WHAT TO DO |
Look through the records below for the line with "elim: s => [|p" and the line with "move=> okM z_ok", then return those lines and all lines between, exactly.

Collected data
===============
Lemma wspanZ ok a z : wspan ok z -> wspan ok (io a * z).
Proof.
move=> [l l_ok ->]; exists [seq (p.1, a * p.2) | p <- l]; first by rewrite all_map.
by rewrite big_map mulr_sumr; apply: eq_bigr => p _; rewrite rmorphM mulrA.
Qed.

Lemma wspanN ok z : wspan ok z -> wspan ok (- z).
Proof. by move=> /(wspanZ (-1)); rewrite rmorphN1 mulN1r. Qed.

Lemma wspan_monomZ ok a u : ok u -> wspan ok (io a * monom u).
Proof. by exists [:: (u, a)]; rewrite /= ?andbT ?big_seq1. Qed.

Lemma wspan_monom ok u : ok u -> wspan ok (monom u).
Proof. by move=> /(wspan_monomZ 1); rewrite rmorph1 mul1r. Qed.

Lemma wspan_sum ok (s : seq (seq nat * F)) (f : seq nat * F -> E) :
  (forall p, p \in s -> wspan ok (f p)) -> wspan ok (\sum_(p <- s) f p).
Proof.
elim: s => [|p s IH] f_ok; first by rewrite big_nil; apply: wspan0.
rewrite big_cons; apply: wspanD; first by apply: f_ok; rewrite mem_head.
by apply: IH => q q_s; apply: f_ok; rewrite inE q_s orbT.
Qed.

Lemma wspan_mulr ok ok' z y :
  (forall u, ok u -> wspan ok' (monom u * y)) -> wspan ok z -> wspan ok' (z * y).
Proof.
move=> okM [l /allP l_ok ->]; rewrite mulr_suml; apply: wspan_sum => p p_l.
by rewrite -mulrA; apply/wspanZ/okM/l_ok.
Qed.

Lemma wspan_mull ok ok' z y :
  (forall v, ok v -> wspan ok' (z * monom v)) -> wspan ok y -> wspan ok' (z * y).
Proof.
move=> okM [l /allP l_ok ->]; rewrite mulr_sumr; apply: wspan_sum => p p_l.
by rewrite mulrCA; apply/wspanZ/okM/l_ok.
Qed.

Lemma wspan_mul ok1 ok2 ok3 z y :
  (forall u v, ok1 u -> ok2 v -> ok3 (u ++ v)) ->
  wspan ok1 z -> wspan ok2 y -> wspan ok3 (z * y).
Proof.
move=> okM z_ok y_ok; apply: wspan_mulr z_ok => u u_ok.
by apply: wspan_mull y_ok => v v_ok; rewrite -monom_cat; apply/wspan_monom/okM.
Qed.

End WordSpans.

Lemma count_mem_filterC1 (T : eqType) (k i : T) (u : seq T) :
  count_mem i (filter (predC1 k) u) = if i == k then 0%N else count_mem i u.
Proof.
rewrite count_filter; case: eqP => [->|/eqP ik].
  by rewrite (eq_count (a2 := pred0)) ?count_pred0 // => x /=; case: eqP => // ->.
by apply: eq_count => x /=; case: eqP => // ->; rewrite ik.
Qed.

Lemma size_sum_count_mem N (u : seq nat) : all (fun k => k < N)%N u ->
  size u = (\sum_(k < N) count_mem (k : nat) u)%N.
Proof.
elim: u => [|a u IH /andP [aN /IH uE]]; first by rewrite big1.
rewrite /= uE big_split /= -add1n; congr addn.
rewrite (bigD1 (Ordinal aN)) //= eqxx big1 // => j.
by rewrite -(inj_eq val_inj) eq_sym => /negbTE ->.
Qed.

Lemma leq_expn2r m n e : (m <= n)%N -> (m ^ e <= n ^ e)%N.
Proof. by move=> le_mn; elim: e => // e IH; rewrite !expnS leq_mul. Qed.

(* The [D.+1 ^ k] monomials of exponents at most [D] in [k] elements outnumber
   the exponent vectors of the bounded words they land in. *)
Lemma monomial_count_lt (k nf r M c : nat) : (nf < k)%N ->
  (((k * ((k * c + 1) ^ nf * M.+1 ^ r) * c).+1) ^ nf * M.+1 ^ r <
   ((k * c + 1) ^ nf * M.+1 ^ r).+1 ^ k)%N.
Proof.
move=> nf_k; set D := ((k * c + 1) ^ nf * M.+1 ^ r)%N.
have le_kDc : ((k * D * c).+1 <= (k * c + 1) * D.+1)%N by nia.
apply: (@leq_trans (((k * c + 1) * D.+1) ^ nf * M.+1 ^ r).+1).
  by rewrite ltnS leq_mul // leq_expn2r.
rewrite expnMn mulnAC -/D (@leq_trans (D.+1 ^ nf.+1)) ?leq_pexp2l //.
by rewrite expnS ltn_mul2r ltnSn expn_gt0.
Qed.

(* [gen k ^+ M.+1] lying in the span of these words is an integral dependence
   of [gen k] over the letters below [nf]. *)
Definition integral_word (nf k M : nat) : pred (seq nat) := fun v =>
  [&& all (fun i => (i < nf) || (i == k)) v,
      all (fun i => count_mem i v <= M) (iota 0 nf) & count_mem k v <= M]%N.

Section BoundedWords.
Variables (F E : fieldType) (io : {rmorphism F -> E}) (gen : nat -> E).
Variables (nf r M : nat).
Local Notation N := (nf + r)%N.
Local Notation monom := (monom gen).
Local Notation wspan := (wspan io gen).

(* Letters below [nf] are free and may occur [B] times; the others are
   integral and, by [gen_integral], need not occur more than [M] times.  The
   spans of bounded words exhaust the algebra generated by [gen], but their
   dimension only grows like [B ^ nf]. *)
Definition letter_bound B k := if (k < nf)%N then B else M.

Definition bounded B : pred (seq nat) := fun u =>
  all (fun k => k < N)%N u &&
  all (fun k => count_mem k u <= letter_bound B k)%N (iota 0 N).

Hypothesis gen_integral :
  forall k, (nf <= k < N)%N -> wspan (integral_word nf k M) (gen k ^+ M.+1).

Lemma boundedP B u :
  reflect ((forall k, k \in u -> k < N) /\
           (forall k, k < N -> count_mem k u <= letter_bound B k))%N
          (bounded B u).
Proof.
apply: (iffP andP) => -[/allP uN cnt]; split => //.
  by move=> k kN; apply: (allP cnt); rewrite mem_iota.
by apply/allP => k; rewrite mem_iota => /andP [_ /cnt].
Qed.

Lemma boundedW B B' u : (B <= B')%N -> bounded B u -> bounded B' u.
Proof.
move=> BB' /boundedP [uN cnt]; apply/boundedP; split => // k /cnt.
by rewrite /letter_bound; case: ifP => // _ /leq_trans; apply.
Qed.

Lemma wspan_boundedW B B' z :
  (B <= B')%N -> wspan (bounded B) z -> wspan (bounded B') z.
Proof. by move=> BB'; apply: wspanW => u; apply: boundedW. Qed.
===============
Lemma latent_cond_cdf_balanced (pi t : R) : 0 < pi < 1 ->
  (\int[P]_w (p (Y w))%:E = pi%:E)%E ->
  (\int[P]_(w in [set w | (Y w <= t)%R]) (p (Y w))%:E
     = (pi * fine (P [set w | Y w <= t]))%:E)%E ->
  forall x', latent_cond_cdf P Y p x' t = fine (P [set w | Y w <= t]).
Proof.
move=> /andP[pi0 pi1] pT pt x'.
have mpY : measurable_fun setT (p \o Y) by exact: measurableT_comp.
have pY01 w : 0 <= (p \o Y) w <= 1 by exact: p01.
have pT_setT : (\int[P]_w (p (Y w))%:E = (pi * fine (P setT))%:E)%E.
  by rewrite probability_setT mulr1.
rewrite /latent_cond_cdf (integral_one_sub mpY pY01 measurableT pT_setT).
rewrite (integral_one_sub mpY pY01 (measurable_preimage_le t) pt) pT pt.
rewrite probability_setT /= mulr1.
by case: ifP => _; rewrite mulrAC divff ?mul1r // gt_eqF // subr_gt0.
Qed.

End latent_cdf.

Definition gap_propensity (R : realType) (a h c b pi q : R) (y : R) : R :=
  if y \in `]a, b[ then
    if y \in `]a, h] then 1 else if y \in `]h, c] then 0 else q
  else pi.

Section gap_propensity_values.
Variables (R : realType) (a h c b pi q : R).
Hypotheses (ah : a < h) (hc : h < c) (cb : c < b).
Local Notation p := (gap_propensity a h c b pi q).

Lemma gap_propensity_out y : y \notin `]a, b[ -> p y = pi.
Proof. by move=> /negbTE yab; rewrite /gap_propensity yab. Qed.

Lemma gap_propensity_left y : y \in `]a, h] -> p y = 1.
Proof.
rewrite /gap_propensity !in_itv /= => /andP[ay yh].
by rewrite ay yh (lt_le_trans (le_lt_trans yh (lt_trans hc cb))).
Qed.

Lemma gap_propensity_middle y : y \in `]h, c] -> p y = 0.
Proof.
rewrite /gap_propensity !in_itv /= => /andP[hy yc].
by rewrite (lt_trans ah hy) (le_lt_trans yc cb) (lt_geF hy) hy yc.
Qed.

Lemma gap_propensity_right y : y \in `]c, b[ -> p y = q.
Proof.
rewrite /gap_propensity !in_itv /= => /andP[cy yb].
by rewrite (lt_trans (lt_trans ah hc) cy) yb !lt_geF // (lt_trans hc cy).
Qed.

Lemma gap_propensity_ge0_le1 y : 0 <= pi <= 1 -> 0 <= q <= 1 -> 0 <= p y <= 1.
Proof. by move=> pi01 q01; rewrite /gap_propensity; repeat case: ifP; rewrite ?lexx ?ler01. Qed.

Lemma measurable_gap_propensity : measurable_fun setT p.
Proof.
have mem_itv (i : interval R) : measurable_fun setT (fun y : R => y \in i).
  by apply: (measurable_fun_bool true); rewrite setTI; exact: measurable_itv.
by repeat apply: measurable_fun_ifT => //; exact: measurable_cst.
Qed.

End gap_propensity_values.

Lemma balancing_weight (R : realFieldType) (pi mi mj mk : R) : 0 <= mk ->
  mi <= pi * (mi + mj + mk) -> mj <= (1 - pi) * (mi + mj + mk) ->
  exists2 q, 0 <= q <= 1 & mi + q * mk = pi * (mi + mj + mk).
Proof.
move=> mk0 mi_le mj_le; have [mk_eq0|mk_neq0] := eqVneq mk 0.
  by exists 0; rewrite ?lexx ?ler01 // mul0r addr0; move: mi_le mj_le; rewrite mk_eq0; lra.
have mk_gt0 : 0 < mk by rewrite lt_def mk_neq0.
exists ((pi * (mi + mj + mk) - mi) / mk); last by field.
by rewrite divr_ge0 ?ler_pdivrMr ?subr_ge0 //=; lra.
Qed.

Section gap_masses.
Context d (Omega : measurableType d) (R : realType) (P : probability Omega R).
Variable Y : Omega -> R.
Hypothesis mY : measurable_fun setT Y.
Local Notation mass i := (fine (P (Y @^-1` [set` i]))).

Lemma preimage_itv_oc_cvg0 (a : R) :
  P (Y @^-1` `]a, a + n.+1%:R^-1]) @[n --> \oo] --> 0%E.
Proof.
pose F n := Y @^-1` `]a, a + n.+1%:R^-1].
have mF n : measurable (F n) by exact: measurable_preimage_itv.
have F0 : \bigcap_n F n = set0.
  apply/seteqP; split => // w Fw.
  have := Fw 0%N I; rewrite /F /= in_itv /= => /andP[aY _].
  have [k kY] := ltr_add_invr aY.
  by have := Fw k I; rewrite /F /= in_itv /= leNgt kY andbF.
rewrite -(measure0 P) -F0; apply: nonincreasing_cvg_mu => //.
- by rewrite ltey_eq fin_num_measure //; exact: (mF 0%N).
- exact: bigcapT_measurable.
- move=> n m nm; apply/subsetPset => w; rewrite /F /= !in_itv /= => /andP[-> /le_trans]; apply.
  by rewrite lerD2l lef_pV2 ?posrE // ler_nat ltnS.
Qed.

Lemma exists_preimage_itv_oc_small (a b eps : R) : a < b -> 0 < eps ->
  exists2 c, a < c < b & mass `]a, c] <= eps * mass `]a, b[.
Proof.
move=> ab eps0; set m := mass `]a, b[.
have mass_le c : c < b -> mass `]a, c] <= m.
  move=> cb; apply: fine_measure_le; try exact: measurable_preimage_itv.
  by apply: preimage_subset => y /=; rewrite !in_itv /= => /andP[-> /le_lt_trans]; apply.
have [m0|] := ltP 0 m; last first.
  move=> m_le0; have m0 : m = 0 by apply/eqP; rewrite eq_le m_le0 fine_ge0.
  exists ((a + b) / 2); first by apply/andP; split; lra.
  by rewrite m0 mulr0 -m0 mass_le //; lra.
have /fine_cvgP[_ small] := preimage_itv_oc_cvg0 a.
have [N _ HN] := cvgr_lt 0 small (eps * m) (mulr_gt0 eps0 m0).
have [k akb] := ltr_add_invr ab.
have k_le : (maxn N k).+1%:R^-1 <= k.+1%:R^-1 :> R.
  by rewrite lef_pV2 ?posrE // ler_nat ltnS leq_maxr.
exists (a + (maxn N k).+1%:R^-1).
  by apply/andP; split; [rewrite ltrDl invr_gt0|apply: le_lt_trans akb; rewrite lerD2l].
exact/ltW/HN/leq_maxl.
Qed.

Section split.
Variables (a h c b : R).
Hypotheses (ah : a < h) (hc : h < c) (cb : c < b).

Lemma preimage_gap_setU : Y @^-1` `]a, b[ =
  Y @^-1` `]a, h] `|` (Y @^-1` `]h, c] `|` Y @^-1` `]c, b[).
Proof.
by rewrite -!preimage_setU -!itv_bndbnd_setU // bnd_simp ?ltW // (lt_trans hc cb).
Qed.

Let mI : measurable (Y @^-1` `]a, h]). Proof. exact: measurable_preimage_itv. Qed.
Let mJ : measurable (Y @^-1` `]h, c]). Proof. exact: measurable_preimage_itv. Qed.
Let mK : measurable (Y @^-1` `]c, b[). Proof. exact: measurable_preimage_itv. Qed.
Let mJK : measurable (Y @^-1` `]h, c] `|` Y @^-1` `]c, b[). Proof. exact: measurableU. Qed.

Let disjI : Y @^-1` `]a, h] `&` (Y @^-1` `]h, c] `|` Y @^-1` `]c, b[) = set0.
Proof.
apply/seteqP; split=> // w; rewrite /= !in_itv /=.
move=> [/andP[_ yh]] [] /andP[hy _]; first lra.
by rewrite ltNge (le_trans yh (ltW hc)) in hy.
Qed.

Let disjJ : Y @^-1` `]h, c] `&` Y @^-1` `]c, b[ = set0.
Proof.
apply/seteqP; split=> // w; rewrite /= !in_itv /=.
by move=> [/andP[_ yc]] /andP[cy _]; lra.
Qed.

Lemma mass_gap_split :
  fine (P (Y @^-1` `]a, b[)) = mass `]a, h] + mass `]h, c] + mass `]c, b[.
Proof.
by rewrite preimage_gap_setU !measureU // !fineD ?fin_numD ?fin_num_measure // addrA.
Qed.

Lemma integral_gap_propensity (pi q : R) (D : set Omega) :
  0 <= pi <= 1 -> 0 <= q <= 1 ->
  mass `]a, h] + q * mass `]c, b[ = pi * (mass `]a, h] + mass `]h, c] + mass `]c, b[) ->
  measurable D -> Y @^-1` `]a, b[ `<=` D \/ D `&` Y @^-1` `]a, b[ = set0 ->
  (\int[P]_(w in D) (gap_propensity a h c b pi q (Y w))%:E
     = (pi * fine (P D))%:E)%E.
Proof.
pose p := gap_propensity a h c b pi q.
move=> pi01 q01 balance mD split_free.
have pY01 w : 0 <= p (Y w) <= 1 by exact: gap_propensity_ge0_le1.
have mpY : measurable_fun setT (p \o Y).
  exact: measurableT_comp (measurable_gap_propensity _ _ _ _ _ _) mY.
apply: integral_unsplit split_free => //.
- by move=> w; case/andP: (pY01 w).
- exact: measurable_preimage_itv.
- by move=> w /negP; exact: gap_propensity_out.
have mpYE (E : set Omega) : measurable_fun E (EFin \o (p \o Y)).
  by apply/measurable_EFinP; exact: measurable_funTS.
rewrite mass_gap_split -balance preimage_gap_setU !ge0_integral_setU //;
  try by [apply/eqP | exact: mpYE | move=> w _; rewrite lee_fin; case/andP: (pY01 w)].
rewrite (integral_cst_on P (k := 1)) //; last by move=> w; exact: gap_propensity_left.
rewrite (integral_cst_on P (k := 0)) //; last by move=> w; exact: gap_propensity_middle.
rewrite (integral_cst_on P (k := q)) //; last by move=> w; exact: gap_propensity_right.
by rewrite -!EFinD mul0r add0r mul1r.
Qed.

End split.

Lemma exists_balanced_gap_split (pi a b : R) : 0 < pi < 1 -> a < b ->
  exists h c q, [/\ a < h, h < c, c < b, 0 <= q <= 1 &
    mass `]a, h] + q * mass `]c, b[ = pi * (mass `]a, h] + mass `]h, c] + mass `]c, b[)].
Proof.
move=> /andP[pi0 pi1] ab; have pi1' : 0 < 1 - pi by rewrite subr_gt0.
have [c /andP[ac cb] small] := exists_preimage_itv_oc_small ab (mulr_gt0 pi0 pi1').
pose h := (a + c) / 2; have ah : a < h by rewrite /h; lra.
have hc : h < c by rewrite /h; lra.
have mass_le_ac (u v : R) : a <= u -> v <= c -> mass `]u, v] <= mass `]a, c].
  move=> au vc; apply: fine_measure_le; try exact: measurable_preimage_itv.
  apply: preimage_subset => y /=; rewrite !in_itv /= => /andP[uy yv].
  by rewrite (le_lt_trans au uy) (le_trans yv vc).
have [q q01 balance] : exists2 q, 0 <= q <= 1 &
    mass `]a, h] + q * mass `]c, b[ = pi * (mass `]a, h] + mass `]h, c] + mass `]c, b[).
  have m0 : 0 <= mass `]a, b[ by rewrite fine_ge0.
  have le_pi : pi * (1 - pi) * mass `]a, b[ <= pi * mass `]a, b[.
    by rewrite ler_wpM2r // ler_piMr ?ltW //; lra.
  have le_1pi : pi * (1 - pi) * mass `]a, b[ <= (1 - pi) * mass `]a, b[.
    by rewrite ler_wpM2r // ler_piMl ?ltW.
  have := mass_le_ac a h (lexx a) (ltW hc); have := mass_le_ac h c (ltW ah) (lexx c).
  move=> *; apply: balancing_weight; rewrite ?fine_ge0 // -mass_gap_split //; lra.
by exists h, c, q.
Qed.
===============
WRITTEN RESPONSE |
elim: s => [|p s IH] f_ok; first by rewrite big_nil; apply: wspan0.
rewrite big_cons; apply: wspanD; first by apply: f_ok; rewrite mem_head.
by apply: IH => q q_s; apply: f_ok; rewrite inE q_s orbT.
Qed.

Lemma wspan_mulr ok ok' z y :
  (forall u, ok u -> wspan ok' (monom u * y)) -> wspan ok z -> wspan ok' (z * y).
Proof.
move=> okM [l /allP l_ok ->]; rewrite mulr_suml; apply: wspan_sum => p p_l.
by rewrite -mulrA; apply/wspanZ/okM/l_ok.
Qed.

Lemma wspan_mull ok ok' z y :
  (forall v, ok v -> wspan ok' (z * monom v)) -> wspan ok y -> wspan ok' (z * y).
Proof.
move=> okM [l /allP l_ok ->]; rewrite mulr_sumr; apply: wspan_sum => p p_l.
by rewrite mulrCA; apply/wspanZ/okM/l_ok.
Qed.

Lemma wspan_mul ok1 ok2 ok3 z y :
  (forall u v, ok1 u -> ok2 v -> ok3 (u ++ v)) ->
  wspan ok1 z -> wspan ok2 y -> wspan ok3 (z * y).
Proof.
move=> okM z_ok y_ok; apply: wspan_mulr z_ok => u u_ok.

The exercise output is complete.